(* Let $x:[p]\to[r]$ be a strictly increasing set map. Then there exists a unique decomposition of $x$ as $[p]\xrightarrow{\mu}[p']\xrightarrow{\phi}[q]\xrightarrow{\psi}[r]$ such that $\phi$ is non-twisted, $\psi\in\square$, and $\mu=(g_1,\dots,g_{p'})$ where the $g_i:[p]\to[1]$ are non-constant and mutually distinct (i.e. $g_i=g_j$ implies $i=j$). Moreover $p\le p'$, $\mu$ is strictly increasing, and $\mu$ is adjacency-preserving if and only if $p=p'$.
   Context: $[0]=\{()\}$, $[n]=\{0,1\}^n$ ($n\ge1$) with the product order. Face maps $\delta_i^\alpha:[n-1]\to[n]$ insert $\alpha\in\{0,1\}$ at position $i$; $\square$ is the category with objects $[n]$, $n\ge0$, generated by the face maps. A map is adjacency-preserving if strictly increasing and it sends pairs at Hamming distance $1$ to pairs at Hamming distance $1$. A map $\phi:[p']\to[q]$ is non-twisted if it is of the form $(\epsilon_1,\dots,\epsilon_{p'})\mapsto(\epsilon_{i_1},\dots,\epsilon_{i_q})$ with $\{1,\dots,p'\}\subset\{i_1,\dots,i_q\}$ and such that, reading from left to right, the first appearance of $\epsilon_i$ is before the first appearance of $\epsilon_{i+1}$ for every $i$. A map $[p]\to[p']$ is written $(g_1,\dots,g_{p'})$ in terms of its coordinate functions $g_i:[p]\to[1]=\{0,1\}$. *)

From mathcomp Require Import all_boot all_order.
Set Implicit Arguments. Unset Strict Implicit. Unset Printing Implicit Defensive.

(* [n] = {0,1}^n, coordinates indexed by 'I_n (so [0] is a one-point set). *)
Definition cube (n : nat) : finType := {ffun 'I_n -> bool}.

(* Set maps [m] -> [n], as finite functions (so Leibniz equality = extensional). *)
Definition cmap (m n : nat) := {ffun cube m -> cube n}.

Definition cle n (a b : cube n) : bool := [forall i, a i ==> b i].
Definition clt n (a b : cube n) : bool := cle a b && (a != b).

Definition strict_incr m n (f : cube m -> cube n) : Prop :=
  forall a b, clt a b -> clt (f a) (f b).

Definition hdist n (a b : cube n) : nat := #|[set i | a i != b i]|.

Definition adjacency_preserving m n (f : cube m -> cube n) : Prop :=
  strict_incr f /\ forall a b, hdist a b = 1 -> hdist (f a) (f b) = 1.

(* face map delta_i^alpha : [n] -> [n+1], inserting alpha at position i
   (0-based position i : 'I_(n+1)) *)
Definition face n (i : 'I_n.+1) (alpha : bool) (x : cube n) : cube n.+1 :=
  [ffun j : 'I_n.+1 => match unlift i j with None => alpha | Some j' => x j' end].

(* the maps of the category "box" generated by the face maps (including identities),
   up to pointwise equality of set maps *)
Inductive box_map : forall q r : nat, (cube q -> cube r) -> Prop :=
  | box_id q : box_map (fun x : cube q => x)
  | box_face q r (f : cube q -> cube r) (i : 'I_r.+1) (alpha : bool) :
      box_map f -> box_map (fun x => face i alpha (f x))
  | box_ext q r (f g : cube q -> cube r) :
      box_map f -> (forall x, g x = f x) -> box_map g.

--

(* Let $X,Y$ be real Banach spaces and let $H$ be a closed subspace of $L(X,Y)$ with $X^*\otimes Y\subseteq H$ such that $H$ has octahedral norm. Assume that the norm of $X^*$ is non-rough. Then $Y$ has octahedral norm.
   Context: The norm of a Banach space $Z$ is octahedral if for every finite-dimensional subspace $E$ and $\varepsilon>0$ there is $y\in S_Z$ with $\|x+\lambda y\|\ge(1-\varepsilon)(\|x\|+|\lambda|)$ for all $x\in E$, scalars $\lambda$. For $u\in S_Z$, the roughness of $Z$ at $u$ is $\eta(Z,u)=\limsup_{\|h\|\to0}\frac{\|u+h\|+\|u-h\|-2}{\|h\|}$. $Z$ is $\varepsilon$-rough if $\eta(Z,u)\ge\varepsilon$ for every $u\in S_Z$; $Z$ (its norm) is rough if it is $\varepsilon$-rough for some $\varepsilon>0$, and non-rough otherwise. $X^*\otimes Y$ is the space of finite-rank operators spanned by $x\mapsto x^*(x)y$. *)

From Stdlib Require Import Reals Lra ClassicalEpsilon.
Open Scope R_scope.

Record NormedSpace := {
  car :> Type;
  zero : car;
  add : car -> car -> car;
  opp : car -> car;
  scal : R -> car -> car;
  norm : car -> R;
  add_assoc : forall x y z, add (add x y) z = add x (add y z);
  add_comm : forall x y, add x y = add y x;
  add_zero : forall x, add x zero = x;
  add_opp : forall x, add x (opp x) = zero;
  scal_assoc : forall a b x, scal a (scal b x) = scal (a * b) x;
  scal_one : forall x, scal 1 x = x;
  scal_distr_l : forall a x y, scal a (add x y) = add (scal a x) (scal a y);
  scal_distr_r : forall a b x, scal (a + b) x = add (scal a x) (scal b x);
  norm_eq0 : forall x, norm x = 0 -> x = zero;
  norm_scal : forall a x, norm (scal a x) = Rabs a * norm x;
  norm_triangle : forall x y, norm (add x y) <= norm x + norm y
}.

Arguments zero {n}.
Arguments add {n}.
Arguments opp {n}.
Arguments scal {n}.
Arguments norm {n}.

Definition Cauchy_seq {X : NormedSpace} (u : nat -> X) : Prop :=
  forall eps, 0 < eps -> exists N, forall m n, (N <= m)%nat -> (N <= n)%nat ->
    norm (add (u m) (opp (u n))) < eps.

### WHAT TO PRODUCE
Your answer should consist only of the lines above between the line holding "-> X) : Prop" and the line holding "norm (add (u m) (opp (u n))) < eps.", inclusive, each transcribed exactly.

### EXERCISE ANSWER
Definition Cauchy_seq {X : NormedSpace} (u : nat -> X) : Prop :=
  forall eps, 0 < eps -> exists N, forall m n, (N <= m)%nat -> (N <= n)%nat ->
    norm (add (u m) (opp (u n))) < eps.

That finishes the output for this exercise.